* **What to work on**:
Among the entries below, find the line with "have := twalk_path", then quote it and each following line up to and including the line with "Definition big_branch (z", and nothing else.

* **Input records**:
* * * *

Lemma not_through_run z i m : (forall l, l < m -> ~ through z (i + l)) ->
  forall l, l <= m -> connect (avoid U z) (cv i) (cv (i + l)).
Proof.
move=> not_th; elim=> [|l IH] le_lm; first by rewrite addn0 connect0.
apply: connect_trans (IH (ltnW le_lm)) _; rewrite addnS.
exact: not_through_connect (not_th l le_lm).
Qed.

Lemma through_turn z i : (forall j, z != cv j) -> through z i ->
  exists l r, [/\ U z l, U z r, connect (avoid U z) l (cv i),
                  connect (avoid U z) r (cv i.+1) & A l z != A r z].
Proof.
move=> off [u [v [s [ts [E uniq_s L W z_s]]]]].
have [zu zv] : z != u /\ z != v by case: E => [[-> ->]|[-> ->]].
move: z_s; rewrite in_cons (negbTE zu) /= => z_s.
case/splitPr: z_s uniq_s L W => s1 [|q s2] uniq_s L W.
  by rewrite last_cat /= in L; rewrite L eqxx in zv.
have := twalk_path W; rewrite cat_path /= => /and4P[P1 in_z out_z P2].
rewrite -cat_cons cat_uniq in uniq_s; case/and3P: uniq_s => _ disj uniq2.
have z_s1 : z \notin u :: s1.
  by apply: contra disj => z_s1; apply/hasP; exists z; rewrite ?inE ?eqxx.
have z_s2 : z \notin q :: s2 by case/andP: uniq2.
have l_u : connect (avoid U z) (last u s1) u.
  rewrite connect_avoid_sym //; apply/connectP; exists s1 => //.
  by apply: path_avoid _ z_s1; apply: sub_path A_U _ _ P1.
have q_v : connect (avoid U z) q v.
  apply/connectP; exists s2; last by rewrite -L last_cat.
  by apply: path_avoid _ z_s2; apply: sub_path A_U _ _ P2.
have zl : U z (last u s1) by rewrite U_sym; apply: A_U.
have zq : U z q by apply: A_U.
have turn : A (last u s1) z != A q z by rewrite in_z (negbTE (A_anti out_z)).
case: E => [[Eu Ev]|[Eu Ev]].
- by exists (last u s1), q; rewrite -Eu -Ev.
- by exists q, (last u s1); rewrite -Eu -Ev eq_sym.
Qed.

Definition big_branch (z a : V) :=
  U z a /\ exists i, forall l, l < n - 2 -> cv (i + l) \in branch U z a.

* * * *

* **Answer section**:
have := twalk_path W; rewrite cat_path /= => /and4P[P1 in_z out_z P2].
rewrite -cat_cons cat_uniq in uniq_s; case/and3P: uniq_s => _ disj uniq2.
have z_s1 : z \notin u :: s1.
  by apply: contra disj => z_s1; apply/hasP; exists z; rewrite ?inE ?eqxx.
have z_s2 : z \notin q :: s2 by case/andP: uniq2.
have l_u : connect (avoid U z) (last u s1) u.
  rewrite connect_avoid_sym //; apply/connectP; exists s1 => //.
  by apply: path_avoid _ z_s1; apply: sub_path A_U _ _ P1.
have q_v : connect (avoid U z) q v.
  apply/connectP; exists s2; last by rewrite -L last_cat.
  by apply: path_avoid _ z_s2; apply: sub_path A_U _ _ P2.
have zl : U z (last u s1) by rewrite U_sym; apply: A_U.
have zq : U z q by apply: A_U.
have turn : A (last u s1) z != A q z by rewrite in_z (negbTE (A_anti out_z)).
case: E => [[Eu Ev]|[Eu Ev]].
- by exists (last u s1), q; rewrite -Eu -Ev.
- by exists q, (last u s1); rewrite -Eu -Ev eq_sym.
Qed.

Definition big_branch (z a : V) :=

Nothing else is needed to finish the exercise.